Она не стала делиться своими сомнениями с Брэшеном. Отчасти потому, что последнее время в ее к нему отношении присутствовала некая подозрительная теплота. Значит, не стоило вводить себя в искушение, напрашиваясь на беседу с глазу на глаз. Если Брэшен мог держать себя в руках, воздерживаясь от нежностей, значит и ей это было по силам. Альтия вслушалась в ритмический перестук «потешных» деревянных мечей, наносивших удары в такт песенке-речевке в исполнении Клефа. «До сражений еще надо дожить, – сказала она себе. – По крайней мере, люди заняты делом и безобразничать им некогда».
Упомянутые безобразия зависели, кстати сказать, и от численности команды. Нынче «Совершенный» нес на борту изрядно народа: Брэшен нанимал людей не только для моряцкой работы, но и для боев. И все это не считая тайно вывезенных рабов.

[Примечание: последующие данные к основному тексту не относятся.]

(* Let $(X,\rho)$ be a metric space, $A\in CL(X)$ and $(A_k)\subset CL(X)$. Suppose that $f\colon[0,\infty)\to[0,\infty)$ is an unbounded modulus such that $\lim_{t\to\infty}\frac{f(t)}{t}>0$ and there is $c\in(0,\infty)$ with $f(xy)\ge c\,f(x)\,f(y)$ for all $x,y\in[0,\infty)$. Then: (i) if $(A_k)$ is Wijsman strongly Cesàro summable to $A$ with respect to $f$, then $(A_k)$ is $f$-Wijsman statistically convergent to $A$; (ii) if $(A_k)$ is Wijsman bounded and $f$-Wijsman statistically convergent to $A$, then $(A_k)$ is Wijsman strongly Cesàro summable to $A$ with respect to $f$.
   Context: A modulus is a function $f\colon[0,\infty)\to[0,\infty)$ such that $f(x)=0$ iff $x=0$, $f$ is subadditive, increasing and continuous. $CL(X)$ denotes the set of all non-empty closed subsets of $(X,\rho)$, and $d(x,B)=\inf_{y\in B}\rho(x,y)$. $(A_k)$ is Wijsman bounded if $\sup_k d(x,A_k)<\infty$ for each $x\in X$. For an unbounded modulus $f$ and $K\subseteq\mathbb N$, the $f$-density is $d^f(K)=\lim_{n\to\infty}\frac{f(|\{k\le n:k\in K\}|)}{f(n)}$ (when the limit exists). $(A_k)$ is $f$-Wijsman statistically convergent to $A$ if for every $x\in X$ and every $\varepsilon>0$ the set $\{k:|d(x,A_k)-d(x,A)|\ge\varepsilon\}$ has $f$-density $0$. $(A_k)$ is Wijsman strongly Cesàro summable to $A$ with respect to $f$ if $\lim_{n\to\infty}\frac1n\sum_{k=1}^n f(|d(x,A_k)-d(x,A)|)=0$ for every $x\in X$. *)

From Stdlib Require Import Reals ClassicalEpsilon.
From Coquelicot Require Import Coquelicot.
Open Scope R_scope.
(* Let $m\ge n$ be positive integers, $\pi$ uniform on $S_{n+m}$, and $\mathbf L=(l_1,\dots,l_n)$ a fixed $n$-tuple of distinct elements of $[m]$. For $i\in[n]$ let $$d_i=\mathbb 1\{\pi(i)\in[n],\ \pi(n+l_i)\in[n+m]\setminus[n]\}-\mathbb 1\{\pi(i)\in[n+m]\setminus[n],\ \pi(n+l_i)\in[n]\}.$$ Then $\sum_{i=1}^n d_i$ has mean zero and is $\mathrm{SG}(2n)$.
   Context: $S_{n+m}$ is the symmetric group on $[n+m]=\{1,\dots,n+m\}$. A real random variable $X$ is $\mathrm{SG}(\sigma^2)$ if $\mathbb E[\exp\{\lambda(X-\mathbb EX)\}]\le\exp(\lambda^2\sigma^2/2)$ for all $\lambda\in\mathbb R$. *)

From HB Require Import structures.
From mathcomp Require Import all_boot all_order all_algebra all_fingroup.
From mathcomp Require Import all_classical all_reals all_analysis.
Set Implicit Arguments. Unset Strict Implicit. Unset Printing Implicit Defensive.
Import Order.TTheory GRing.Theory Num.Theory.
Local Open Scope ring_scope.

Definition Eperm (R : realType) (N : nat) (f : {perm 'I_N} -> R) : R :=
  (#|[set: {perm 'I_N}]|%:R)^-1 * \sum_(s : {perm 'I_N}) f s.

Definition subGaussian_perm (R : realType) (N : nat)
  (X : {perm 'I_N} -> R) (sigma2 : R) : Prop :=
  forall lambda : R,
    Eperm (fun s => expR (lambda * (X s - Eperm X))) <=
    expR (lambda ^+ 2 * sigma2 / 2).

(* Position i (1-based) is lshift m i; position n + l_i (1-based) is
   rshift n (l i) (0-based value n + (l i)). "pi(j) in [n]" is the 0-based
   condition pi j < n; "pi(j) in [n+m] \ [n]" is n <= pi j. *)
Definition d_i (R : realType) (n m : nat) (l : 'I_n -> 'I_m)
  (s : {perm 'I_(n + m)}) (i : 'I_n) : R :=
  ((s (lshift m i) < n)%N && (n <= s (rshift n (l i)))%N)%:R
  - ((n <= s (lshift m i))%N && (s (rshift n (l i)) < n)%N)%:R.

Definition sum_d (R : realType) (n m : nat) (l : 'I_n -> 'I_m)
  (s : {perm 'I_(n + m)}) : R :=
  \sum_(i < n) d_i R l s i.

From HB Require Import structures.
From mathcomp Require Import all_boot all_order all_algebra all_fingroup.
From mathcomp Require Import all_classical all_reals all_analysis.
From mathcomp Require Import ring lra.
Set Implicit Arguments. Unset Strict Implicit. Unset Printing Implicit Defensive.
Import Order.TTheory GRing.Theory Num.Theory.
Local Open Scope ring_scope.

(* The transposition tau_k exchanging positions k and n + l_k flips the sign
   of d_k and, l being injective, fixes every other d_i.  Since the uniform
   law is invariant under s |-> tau_k s, conditioning coordinate by coordinate
   replaces each factor exp(lambda d_k) of exp(lambda sum_i d_i) by
   cosh(lambda d_k) <= exp(lambda^2).  This gives both the zero mean and the
   bound exp(lambda^2 n) on the moment generating function. *)

Definition cosh (R : realType) (x : R) : R := (expR x + expR (- x)) / 2.

Section CoshBound.
Variable R : realType.
Implicit Types x : R.

Lemma expR_mulr_sqr_le1 x : x <= 2 -> expR x * (1 - x / 2) ^+ 2 <= 1.
Proof.
move=> x_le2.
have -> : expR x = expR (x / 2) ^+ 2 by rewrite -expRM_natr; congr expR; field.
rewrite -exprMn expr_le1 ?mulr_ge0 ?expR_ge0 //; last by lra.
rewrite -[leRHS](expRxMexpNx_1 (x / 2)) ler_wpM2l ?expR_ge0 //.
by have := expR_ge1Dx (- (x / 2)); lra.
Qed.

Lemma sqr_1Dhalf_le_expR x : 0 <= x -> (1 + x / 2) ^+ 2 <= expR x.
Proof.
move=> x_ge0.
have -> : expR x = expR (x / 2) ^+ 2 by rewrite -expRM_natr; congr expR; field.
by rewrite ler_sqr ?nnegrE ?expR_ge0 ?expR_ge1Dx //; lra.
Qed.

Lemma cosh_le_expR_sqr x : cosh x <= expR (x ^+ 2).
Proof.
rewrite /cosh; have [x_big|x_small] := leP 1 `|x|.
  have x_le_sqr : `|x| <= x ^+ 2 by rewrite -real_normK ?num_real // expr2 ler_peMl.
  have : expR x <= expR (x ^+ 2) by rewrite ler_expR (le_trans (ler_norm x)).
  have : expR (- x) <= expR (x ^+ 2).
    by rewrite ler_expR (le_trans (ler_norm (- x))) ?normrN.
  lra.
have [xl xr] : -1 < x /\ x < 1 by move: x_small; rewrite ltr_norml => /andP[].
have hp : expR x * (1 - x / 2) ^+ 2 <= 1 by apply: expR_mulr_sqr_le1; lra.
have hq : expR (- x) * (1 - (- x) / 2) ^+ 2 <= 1 by apply: expR_mulr_sqr_le1; lra.
set p := (1 - x / 2) ^+ 2 in hp *; set q := (1 - (- x) / 2) ^+ 2 in hq *.
have sqr_le_expR := @sqr_1Dhalf_le_expR _ (sqr_ge0 x).
have p_ge0 : 0 <= p by exact: sqr_ge0.
have q_ge0 : 0 <= q by exact: sqr_ge0.
have pq_gt0 : 0 < p * q by rewrite /p /q -exprMn exprn_gt0 //; nra.
(* (e^x + e^-x) p q <= p + q <= 2 (1 + x^2/2)^2 p q, the last step being a
   polynomial inequality in x^2 <= 1. *)
have sum_le : (expR x + expR (- x)) * (p * q) <= p + q.
  have := ler_wpM2r q_ge0 hp; have := ler_wpM2r p_ge0 hq.
  rewrite mulrDl; nra.
have poly : p + q <= 2 * (1 + x ^+ 2 / 2) ^+ 2 * (p * q).
  have -> : p * q = (1 - x ^+ 2 / 4) ^+ 2 by rewrite /p /q -exprMn; congr (_ ^+ _); field.
  have -> : p + q = 2 + x ^+ 2 / 2 by rewrite /p /q; field.
  have : x ^+ 2 <= 1 by rewrite -real_normK ?num_real // expr_le1 // ltW.
  have := sqr_ge0 x; move: (x ^+ 2) => u *; nra.
have : expR x + expR (- x) <= 2 * (1 + x ^+ 2 / 2) ^+ 2.
  by rewrite -(ler_pM2r pq_gt0); lra.
lra.
Qed.

Lemma cosh_ge0 x : 0 <= cosh x.
Proof. by rewrite /cosh divr_ge0 ?addr_ge0 ?expR_ge0. Qed.

End CoshBound.

Section Eperm.
Variables (R : realType) (N : nat).
Implicit Types f g : {perm 'I_N} -> R.

Lemma Eperm_cst (c : R) : Eperm (fun _ : {perm 'I_N} => c) = c.
Proof.
rewrite /Eperm sumr_const -cardsT -[c *+ _]mulr_natl mulrA mulVf ?mul1r //.
by rewrite pnatr_eq0 -lt0n; apply/card_gt0P; exists 1%g.
Qed.

Lemma ler_Eperm f g : (forall s, f s <= g s) -> Eperm f <= Eperm g.
Proof. by move=> fg; rewrite ler_wpM2l ?invr_ge0 // ler_sum. Qed.

End Eperm.

Section SignFlip.
Variables (R : realType) (n m : nat) (l : 'I_n -> 'I_m).
Hypothesis l_inj : injective l.
Local Notation d := (d_i R l).

Definition tau (k : 'I_n) : {perm 'I_(n + m)} := tperm (lshift m k) (rshift n (l k)).

Lemma d_i_tauM_flip k s : d (tau k * s)%g k = - d s k.
Proof. by rewrite /d_i !permM tpermL tpermR opprB; congr (_%:R - _%:R); rewrite andbC. Qed.

Lemma d_i_tauM_fix k i s : i != k -> d (tau k * s)%g i = d s i.
Proof.
move=> ik; rewrite /d_i !permM !tpermD // ?eq_lrshift ?eq_rlshift //.
  by rewrite (inj_eq (@rshift_inj _ _)) (inj_eq l_inj) eq_sym.
by rewrite (inj_eq (@lshift_inj _ _)) eq_sym.
Qed.

Lemma sum_perm_tauM k (F : {perm 'I_(n + m)} -> R) :
  \sum_s F (tau k * s)%g = \sum_s F s.
Proof. by rewrite [RHS](reindex_inj (@mulgI _ (tau k))). Qed.

Lemma sum_d_i_eq0 k : \sum_s d s k = 0.
Proof.
have : \sum_s d s k = - \sum_s d s k.
  by rewrite -[LHS](sum_perm_tauM k) -sumrN; apply: eq_bigr => s _; rewrite d_i_tauM_flip.
lra.
Qed.

Lemma sum_mul_expR_d_i (lam : R) k (H : {perm 'I_(n + m)} -> R) :
    (forall s, H (tau k * s)%g = H s) ->
  \sum_s H s * expR (lam * d s k) = \sum_s H s * cosh (lam * d s k).
Proof.
move=> H_tau.
have flip : \sum_s H s * expR (lam * d s k) = \sum_s H s * expR (- (lam * d s k)).
  by rewrite -[LHS](sum_perm_tauM k); apply: eq_bigr => s _; rewrite H_tau d_i_tauM_flip mulrN.
have -> : \sum_s H s * cosh (lam * d s k) =
    (\sum_s H s * expR (lam * d s k) + \sum_s H s * expR (- (lam * d s k))) / 2.
  by rewrite -big_split big_distrl /=; apply: eq_bigr => s _; rewrite /cosh; ring.
lra.
Qed.

(* exp(lambda sum_i d_i) after the coordinates in A have been symmetrized. *)
Definition partial_mgf (lam : R) (A : {set 'I_n}) (s : {perm 'I_(n + m)}) : R :=
  (\prod_(i in A) cosh (lam * d s i)) * expR (lam * \sum_(i in ~: A) d s i).

Lemma sum_partial_mgf_setU1 (lam : R) (A : {set 'I_n}) k : k \notin A ->
  \sum_s partial_mgf lam (k |: A) s = \sum_s partial_mgf lam A s.
Proof.
move=> kA; pose H s := (\prod_(i in A) cosh (lam * d s i)) *
  expR (lam * \sum_(i in ~: (k |: A)) d s i).
have compl : ~: A = k |: ~: (k |: A) by apply/setP => i; rewrite !inE; case: eqP => // ->.
have kNcompl : k \notin ~: (k |: A) by rewrite !inE eqxx.
transitivity (\sum_s H s * cosh (lam * d s k)).
  by apply: eq_bigr => s _; rewrite /partial_mgf big_setU1 //= /H; ring.
rewrite -sum_mul_expR_d_i => [|s].
  by apply: eq_bigr => s _; rewrite /partial_mgf compl big_setU1 //= [in RHS]mulrDr expRD /H; ring.
rewrite /H; congr (_ * expR (_ * _)); apply: eq_bigr => i iA; rewrite d_i_tauM_fix //.
  by apply: contraNneq kA => <-.
by move: iA; rewrite !inE negb_or => /andP[].
Qed.

Lemma sum_partial_mgf_set0 (lam : R) (A : {set 'I_n}) :
  \sum_s partial_mgf lam A s = \sum_s partial_mgf lam finset.set0 s.
Proof.
elim: {A}_.+1 {-2}A (ltnSn #|A|) => // c IH A; have [-> //|[k kA] A_le] := set_0Vmem A.
rewrite -(finset.setD1K kA) sum_partial_mgf_setU1 ?setD11 // IH //.
by rewrite -ltnS (leq_trans _ A_le) // ltnS (cardsD1 k A) kA.
Qed.

Lemma cosh_mul_d_i_le (lam : R) s i : cosh (lam * d s i) <= expR (lam ^+ 2).
Proof.
apply: le_trans (cosh_le_expR_sqr _) _; rewrite ler_expR exprMn ler_piMr ?sqr_ge0 //.
by rewrite /d_i; do 2!case: (_ && _); rewrite /=; lra.
Qed.

Lemma partial_mgf_setT_le (lam : R) s : partial_mgf lam [set: 'I_n] s <= expR (lam ^+ 2) ^+ n.
Proof.
rewrite /partial_mgf finset.setCT big_set0 mulr0 expR0 mulr1.
rewrite -[n in X in _ <= X]card_ord -cardsT -prodr_const.
by apply: ler_prod => i _; rewrite cosh_ge0 cosh_mul_d_i_le.
Qed.

End SignFlip.

Theorem mainTheorem12 (R : realType) (n m : nat) (l : 'I_n -> 'I_m)
  (hn : (0 < n)%N) (hnm : (n <= m)%N) (hl : injective l) :
  Eperm (sum_d R l) = 0 /\ subGaussian_perm (sum_d R l) (2 * n)%:R.
Proof.
have mean0 : Eperm (sum_d R l) = 0.
  rewrite /Eperm /sum_d exchange_big big1 ?mulr0 // => i _.
  exact: sum_d_i_eq0.
split => // lam; rewrite mean0.
have -> : Eperm (fun s => expR (lam * (sum_d R l s - 0))) =
    Eperm (fun s => partial_mgf l lam [set: _] s).
  rewrite /Eperm sum_partial_mgf_set0 //; congr (_ * _); apply: eq_bigr => s _.
  rewrite /partial_mgf /sum_d big_set0 mul1r finset.setC0 subr0.
  by congr (expR (_ * _)); apply: eq_bigl => i; rewrite inE.
apply: le_trans (ler_Eperm (partial_mgf_setT_le l lam)) _.
have -> : lam ^+ 2 * (2 * n)%:R / 2 = lam ^+ 2 * n%:R by rewrite natrM; field.
by rewrite Eperm_cst expRM_natr.
Qed.
(* Assume Non-Degeneracy Assumption I, and let $U,P$ be the optimal solutions constructed from a base sequence and a nonnegative solution of the base-sequence system as in the Structure Theorem part (i). Let $\check U=\sum_n\tau_nu^n$, $\check P=\sum_n\tau_np^n$, and define $\underline{x}\in\mathbb{R}^K$, $\underline{q}\in\mathbb{R}^J$ by $$\underline{x}_k=-\min\Big\{0,\ \min_{1\le n\le N}\sum_{m=1}^n\dot x^m_k\tau_m\Big\},\qquad \underline{q}_j=-\min\Big\{0,\ \min_{1\le n\le N}\sum_{m=n}^N\dot q^m_j\tau_m\Big\}.$$ Then $(\mathbf{u}^0,\mathbf{u}^N)$ is an optimal solution of $$\max\ (\gamma+cT)^\top\mathbf{u}^0+\gamma^\top\mathbf{u}^N\ \text{ s.t. } A\mathbf{u}^0\le\beta-\underline{x},\ A\mathbf{u}^0+A\mathbf{u}^N\le\beta+bT-A\check U,\ \mathbf{u}^0,\mathbf{u}^N\ge0,$$ and $(\mathbf{p}^N,\mathbf{p}^0)$ is an optimal solution of $$\min\ (\beta+bT)^\top\mathbf{p}^N+\beta^\top\mathbf{p}^0\ \text{ s.t. } A^\top\mathbf{p}^N\ge\gamma+\underline{q},\ A^\top\mathbf{p}^N+A^\top\mathbf{p}^0\ge\gamma+cT-A^\top\check P,\ \mathbf{p}^N,\mathbf{p}^0\ge0.$$ (These two LPs are not dual to each other.)
   Context: Let $A$ be a real $K\times J$ matrix, $\beta,b\in\mathbb{R}^K$, $\gamma,c\in\mathbb{R}^J$, $T>0$. M-CLP: maximize $\int_{0-}^T(\gamma+(T-t)c)^\top dU(t)$ over nonnegative, non-decreasing, right-continuous $U:[0,T]\to\mathbb{R}^J$ with $U(0-)=0$, subject to $AU(t)\le\beta+bt$, $0\le t\le T$. M-CLP$^*$: minimize $\int_{0-}^T(\beta+(T-t)b)^\top dP(t)$ over nonnegative, non-decreasing, right-continuous $P:[0,T]\to\mathbb{R}^K$ with $P(0-)=0$, subject to $A^\top P(t)\ge\gamma+ct$. Non-Degeneracy Assumption I: $b$ is not a linear combination of fewer than $K$ columns of $[A\ I]$ and $c$ is not a linear combination of fewer than $J$ columns of $[A^\top\ I]$. Bases: index sets $\mathcal{K}\subseteq\{1..K\},\mathcal{J}\subseteq\{1..J\}$ such that $\dot x_k$ ($k\in\mathcal{K}$), $u_j$ ($j\notin\mathcal{J}$) are $K$ variables with independent columns in $[A\ I]$; primal basic solution solves $Au+\dot x=b$ with $u_j=0$ ($j\in\mathcal{J}$), $\dot x_k=0$ ($k\notin\mathcal{K}$); dual basic solution solves $A^\top p-\dot q=c$ with $p_k=0$ ($k\in\mathcal{K}$), $\dot q_j=0$ ($j\notin\mathcal{J}$). Admissible: $u,p\ge0$. Adjacent: one pivot apart, primal variable $v_n$ leaving from $B_n$ to $B_{n+1}$. A base sequence consists of admissible, consecutively adjacent bases $B_1..B_N$ (index sets $\mathcal{K}_n,\mathcal{J}_n$, rates $u^n,\dot x^n,p^n,\dot q^n$) plus index sets $\mathcal{K}_0,\mathcal{J}_0,\mathcal{K}_{N+1},\mathcal{J}_{N+1}$ with $\mathcal{K}_0\subseteq\mathcal{K}_1$, $\mathcal{J}_{N+1}\subseteq\mathcal{J}_N$. The base-sequence system in unknowns $\mathbf{u}^0,\mathbf{u}^N,q^N,\mathbf{q}^0\in\mathbb{R}^J$, $x^0,\mathbf{x}^N,\mathbf{p}^0,\mathbf{p}^N\in\mathbb{R}^K$, $\tau_1..\tau_N$, with $x^n=x^0+\sum_{m\le n}\dot x^m\tau_m$, $q^n=q^N+\sum_{m>n}\dot q^m\tau_m$, is: (a) $x^n_k=0$ if $v_n=\dot x_k$, $q^n_j=0$ if $v_n=u_j$ ($n=1..N-1$); (b) $\sum\tau_n=T$; (c) $\mathbf{u}^0_j=0$ ($j\in\mathcal{J}_0$), $x^0_k=0$ ($k\notin\mathcal{K}_0$), $\mathbf{p}^0_k=0$ ($k\in\mathcal{K}_0$), $\mathbf{q}^0_j=0$ ($j\notin\mathcal{J}_0$), $\mathbf{p}^N_k=0$ ($k\in\mathcal{K}_{N+1}$), $q^N_j=0$ ($j\notin\mathcal{J}_{N+1}$), $\mathbf{u}^N_j=0$ ($j\in\mathcal{J}_{N+1}$), $\mathbf{x}^N_k=0$ ($k\notin\mathcal{K}_{N+1}$); (d) $A\mathbf{u}^0+x^0=\beta$, $A^\top\mathbf{p}^N-q^N=\gamma$; (e) $A\mathbf{u}^N+\mathbf{x}^N-x^N=0$, $A^\top\mathbf{p}^0-\mathbf{q}^0+q^0=0$. Constructed functions: $t_n=\sum_{m\le n}\tau_m$, $u(t)=u^n$ on $(t_{n-1},t_n)$, $U(t)=\mathbf{u}^0+\int_0^tu$ ($t<T$), $U(T)=U(T-)+\mathbf{u}^N$; $p(s)=p^n$ on $(T-t_n,T-t_{n-1})$, $P(s)=\mathbf{p}^N+\int_0^sp$ ($s<T$), $P(T)=P(T-)+\mathbf{p}^0$. *)

From HB Require Import structures.
From mathcomp Require Import all_boot all_order all_algebra.
Set Implicit Arguments. Unset Strict Implicit. Unset Printing Implicit Defensive.
Import Order.TTheory GRing.Theory Num.Theory.
Local Open Scope ring_scope.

Поэтому в кубриках было тесно, а как не вспыхнуть дурным ссорам там, где поневоле скучены ершистые молодые мужчины?
Убедившись, что ничто не требовало ее немедленного вмешательства, Альтия подошла к мачте и отправилась наверх по снастям. Лазание вверх-вниз тоже было искусством, требовавшим упражнений. Опять-таки корабельная теснота порой приводила к малоподвижности, от которой у Альтии спустя малое время начинали ныть застоявшиеся мышцы. Вот она, выбрав свободный момент, и погнала себя наверх со всей мыслимой быстротой. Добралась до «вороньего гнезда» – и радостно ощутила, как бегает по жилам ожившая кровь.
Янтарь, сидевшая наверху, загодя услышала ее приближение. Такое уж было у нее свойство – почти сверхъестественным образом чуять присутствие других людей. Альтия перебралась через край, и корабельная плотничиха встретила ее приветливой улыбкой, пусть и слегка натянутой. Альтия села с ней рядом, свесив ноги наружу, и поинтересовалась:
– Ну? Как ты себя чувствуешь?
Янтарь криво улыбнулась.
– Лучше не бывает, – сказала она. – Может, хватит наконец беспокоиться? Сколько можно повторять: этот недуг приходит и бесследно уходит. Вот и все. Ничего страшного не случилось!
– Ну да, – кивнула Альтия.
Без особенного, впрочем, доверия. Она ведь так до конца и не выяснила, что именно стряслось в ту ночь, когда она обнаружила Янтарь без сознания лежащей на палубе. Сама плотничиха утверждала, что просто потеряла сознание и свалилась. Отсюда, мол, и синяки на лице. О палубу стукнулась.
Лгать ей, по мнению Альтии, было вроде бы незачем. Если бы Лавой ее в самом деле избил, старпома давно вывели бы на чистую воду. И сама Янтарь пожаловалась бы, и Совершенный обо всем рассказал.
Альтия внимательно пригляделась к лицу Янтарь. Последнее время резчица упорно просилась на мачту, исполняя обязанности впередсмотрящего. Альтии пришлось скрепя сердце согласиться. Она понимала: если новый обморок случится с Янтарь здесь и она свалится вниз, дело кончится уже не синяками на физиономии. И все же одинокая вахта на головокружительной высоте некоторым образом подходила Янтарь. Ветер и солнце целовали ее кожу, пока та не начала лупиться. Сейчас Янтарь выглядела загорелой и прямо-таки лучилась здоровьем. Даже золото волос и глаз казалось насыщенней прежнего.
Да, столь полной жизненных сил Альтия ее еще не видала.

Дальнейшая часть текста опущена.